### [The problem]
Could you please return each line of the data that has the word "Himm"?

### [Data shown]

★ ★ ★ ★

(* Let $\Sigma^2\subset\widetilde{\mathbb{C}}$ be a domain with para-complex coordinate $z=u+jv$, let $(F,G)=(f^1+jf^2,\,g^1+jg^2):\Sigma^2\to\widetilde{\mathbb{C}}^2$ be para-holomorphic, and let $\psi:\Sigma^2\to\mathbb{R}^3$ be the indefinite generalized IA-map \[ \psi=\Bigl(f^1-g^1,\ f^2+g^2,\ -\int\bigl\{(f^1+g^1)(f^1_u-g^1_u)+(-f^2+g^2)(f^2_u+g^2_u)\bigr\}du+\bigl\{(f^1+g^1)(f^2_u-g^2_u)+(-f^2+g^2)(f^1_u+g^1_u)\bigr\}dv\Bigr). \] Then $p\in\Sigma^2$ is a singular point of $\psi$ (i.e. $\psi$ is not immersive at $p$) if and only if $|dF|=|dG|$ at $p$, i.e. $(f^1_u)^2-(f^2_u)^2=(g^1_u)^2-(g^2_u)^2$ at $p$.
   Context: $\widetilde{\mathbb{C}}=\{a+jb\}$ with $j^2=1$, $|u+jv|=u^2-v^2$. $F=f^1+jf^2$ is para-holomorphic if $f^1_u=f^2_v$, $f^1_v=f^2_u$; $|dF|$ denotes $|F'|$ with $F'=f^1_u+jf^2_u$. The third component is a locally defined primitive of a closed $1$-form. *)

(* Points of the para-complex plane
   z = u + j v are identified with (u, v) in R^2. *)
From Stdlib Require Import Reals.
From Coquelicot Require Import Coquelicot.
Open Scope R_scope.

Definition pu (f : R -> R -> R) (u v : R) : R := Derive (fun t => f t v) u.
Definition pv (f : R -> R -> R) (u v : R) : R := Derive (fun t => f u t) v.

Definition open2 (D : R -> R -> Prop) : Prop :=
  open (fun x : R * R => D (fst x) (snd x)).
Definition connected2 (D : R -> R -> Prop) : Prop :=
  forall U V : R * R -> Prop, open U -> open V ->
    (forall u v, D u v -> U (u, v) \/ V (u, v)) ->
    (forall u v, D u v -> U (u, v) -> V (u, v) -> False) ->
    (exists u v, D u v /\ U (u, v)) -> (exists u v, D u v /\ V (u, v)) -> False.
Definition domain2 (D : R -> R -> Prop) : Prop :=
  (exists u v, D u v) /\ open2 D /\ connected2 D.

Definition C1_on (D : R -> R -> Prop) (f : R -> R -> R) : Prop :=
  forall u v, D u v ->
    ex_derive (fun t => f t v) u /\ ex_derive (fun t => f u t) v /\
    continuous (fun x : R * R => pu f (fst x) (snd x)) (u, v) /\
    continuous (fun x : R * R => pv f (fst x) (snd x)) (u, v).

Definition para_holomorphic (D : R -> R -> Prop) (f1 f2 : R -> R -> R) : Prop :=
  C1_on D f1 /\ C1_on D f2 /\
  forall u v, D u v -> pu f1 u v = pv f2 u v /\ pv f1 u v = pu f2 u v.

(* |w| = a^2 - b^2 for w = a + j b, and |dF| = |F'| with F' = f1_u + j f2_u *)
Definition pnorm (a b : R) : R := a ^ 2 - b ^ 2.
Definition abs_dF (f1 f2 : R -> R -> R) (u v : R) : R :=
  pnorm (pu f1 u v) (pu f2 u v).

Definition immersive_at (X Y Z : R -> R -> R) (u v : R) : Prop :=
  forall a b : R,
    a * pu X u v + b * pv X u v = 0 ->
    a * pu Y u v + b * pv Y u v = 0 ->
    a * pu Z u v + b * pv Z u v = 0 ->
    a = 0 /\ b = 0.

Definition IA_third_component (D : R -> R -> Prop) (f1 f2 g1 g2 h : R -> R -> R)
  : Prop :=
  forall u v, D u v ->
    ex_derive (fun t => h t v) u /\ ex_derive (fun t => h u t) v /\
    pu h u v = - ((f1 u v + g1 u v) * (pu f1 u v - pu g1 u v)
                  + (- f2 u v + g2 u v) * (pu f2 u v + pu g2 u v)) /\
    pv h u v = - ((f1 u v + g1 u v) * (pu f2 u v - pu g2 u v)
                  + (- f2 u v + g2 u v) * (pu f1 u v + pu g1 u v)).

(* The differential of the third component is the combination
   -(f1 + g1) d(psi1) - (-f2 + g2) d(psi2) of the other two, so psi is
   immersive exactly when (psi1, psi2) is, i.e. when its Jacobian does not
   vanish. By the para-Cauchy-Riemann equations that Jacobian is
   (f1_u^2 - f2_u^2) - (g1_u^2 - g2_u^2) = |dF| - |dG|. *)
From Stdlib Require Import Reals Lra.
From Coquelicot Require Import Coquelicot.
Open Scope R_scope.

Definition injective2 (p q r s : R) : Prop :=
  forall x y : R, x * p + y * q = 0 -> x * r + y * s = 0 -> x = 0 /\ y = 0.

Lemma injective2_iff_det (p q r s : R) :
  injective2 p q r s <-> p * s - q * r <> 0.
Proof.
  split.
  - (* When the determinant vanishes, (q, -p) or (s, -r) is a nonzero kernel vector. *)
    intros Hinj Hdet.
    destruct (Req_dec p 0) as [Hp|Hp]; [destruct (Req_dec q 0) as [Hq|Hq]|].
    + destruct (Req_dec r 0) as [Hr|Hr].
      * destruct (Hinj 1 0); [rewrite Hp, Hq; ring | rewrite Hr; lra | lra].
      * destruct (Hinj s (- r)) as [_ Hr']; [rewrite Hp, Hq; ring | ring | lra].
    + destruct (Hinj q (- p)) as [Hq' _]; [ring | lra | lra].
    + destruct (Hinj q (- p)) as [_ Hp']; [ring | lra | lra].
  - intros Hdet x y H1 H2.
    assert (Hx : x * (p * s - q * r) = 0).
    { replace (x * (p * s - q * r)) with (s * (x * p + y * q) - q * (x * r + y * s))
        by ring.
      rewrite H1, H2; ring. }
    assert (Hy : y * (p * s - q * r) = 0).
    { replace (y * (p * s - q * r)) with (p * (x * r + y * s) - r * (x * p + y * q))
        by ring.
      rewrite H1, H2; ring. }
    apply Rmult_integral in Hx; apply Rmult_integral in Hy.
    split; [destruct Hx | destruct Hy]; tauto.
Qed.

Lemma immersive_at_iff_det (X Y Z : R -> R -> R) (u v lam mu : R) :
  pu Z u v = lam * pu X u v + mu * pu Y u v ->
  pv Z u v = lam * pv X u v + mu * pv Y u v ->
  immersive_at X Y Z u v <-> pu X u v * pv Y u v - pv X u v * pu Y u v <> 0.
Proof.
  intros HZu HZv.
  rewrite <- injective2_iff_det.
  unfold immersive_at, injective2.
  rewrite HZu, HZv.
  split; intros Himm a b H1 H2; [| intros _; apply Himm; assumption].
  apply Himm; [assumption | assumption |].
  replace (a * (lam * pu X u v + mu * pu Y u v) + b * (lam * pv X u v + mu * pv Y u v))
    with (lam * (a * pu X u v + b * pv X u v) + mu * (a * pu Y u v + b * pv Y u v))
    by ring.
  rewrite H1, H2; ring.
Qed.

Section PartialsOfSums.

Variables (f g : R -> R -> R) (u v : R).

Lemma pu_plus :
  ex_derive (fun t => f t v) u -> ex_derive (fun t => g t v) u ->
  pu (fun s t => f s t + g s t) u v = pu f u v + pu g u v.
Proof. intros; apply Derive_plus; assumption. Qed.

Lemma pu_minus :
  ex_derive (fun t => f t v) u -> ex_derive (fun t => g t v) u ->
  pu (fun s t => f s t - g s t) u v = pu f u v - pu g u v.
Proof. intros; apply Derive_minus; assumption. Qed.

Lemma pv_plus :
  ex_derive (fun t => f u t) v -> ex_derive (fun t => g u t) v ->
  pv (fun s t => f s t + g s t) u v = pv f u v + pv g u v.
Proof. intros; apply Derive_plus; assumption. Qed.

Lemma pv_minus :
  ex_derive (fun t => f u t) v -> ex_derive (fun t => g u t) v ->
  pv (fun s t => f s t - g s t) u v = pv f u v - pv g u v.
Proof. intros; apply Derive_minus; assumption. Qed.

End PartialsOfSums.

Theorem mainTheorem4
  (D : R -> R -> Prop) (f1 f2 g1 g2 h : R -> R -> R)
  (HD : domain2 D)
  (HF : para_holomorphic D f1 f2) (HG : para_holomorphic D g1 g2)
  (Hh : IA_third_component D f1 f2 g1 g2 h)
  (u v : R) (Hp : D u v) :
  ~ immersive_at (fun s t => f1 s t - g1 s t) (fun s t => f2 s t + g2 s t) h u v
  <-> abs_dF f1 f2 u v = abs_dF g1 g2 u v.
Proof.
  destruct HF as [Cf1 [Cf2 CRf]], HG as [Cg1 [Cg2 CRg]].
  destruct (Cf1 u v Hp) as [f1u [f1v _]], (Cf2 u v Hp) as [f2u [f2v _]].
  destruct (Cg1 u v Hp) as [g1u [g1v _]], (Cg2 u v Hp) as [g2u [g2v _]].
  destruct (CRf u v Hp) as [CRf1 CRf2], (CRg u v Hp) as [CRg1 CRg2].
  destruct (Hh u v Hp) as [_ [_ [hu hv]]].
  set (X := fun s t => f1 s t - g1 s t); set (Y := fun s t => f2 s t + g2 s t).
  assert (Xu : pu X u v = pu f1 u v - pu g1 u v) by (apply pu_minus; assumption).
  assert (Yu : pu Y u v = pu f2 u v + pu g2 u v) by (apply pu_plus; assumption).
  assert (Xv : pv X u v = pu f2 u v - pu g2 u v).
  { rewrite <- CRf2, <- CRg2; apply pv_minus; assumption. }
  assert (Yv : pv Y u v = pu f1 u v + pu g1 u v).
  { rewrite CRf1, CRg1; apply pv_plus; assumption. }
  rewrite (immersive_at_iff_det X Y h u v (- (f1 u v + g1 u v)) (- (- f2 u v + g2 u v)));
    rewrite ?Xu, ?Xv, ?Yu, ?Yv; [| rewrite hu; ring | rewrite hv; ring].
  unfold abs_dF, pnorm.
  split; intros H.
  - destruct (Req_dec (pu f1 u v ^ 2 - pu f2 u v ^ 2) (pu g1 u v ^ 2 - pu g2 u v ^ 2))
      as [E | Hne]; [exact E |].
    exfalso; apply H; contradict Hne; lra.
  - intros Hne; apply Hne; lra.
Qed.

★ ★ ★ ★

### [Result]
  split; intros Himm a b H1 H2; [| intros _; apply Himm; assumption].
  apply Himm; [assumption | assumption |].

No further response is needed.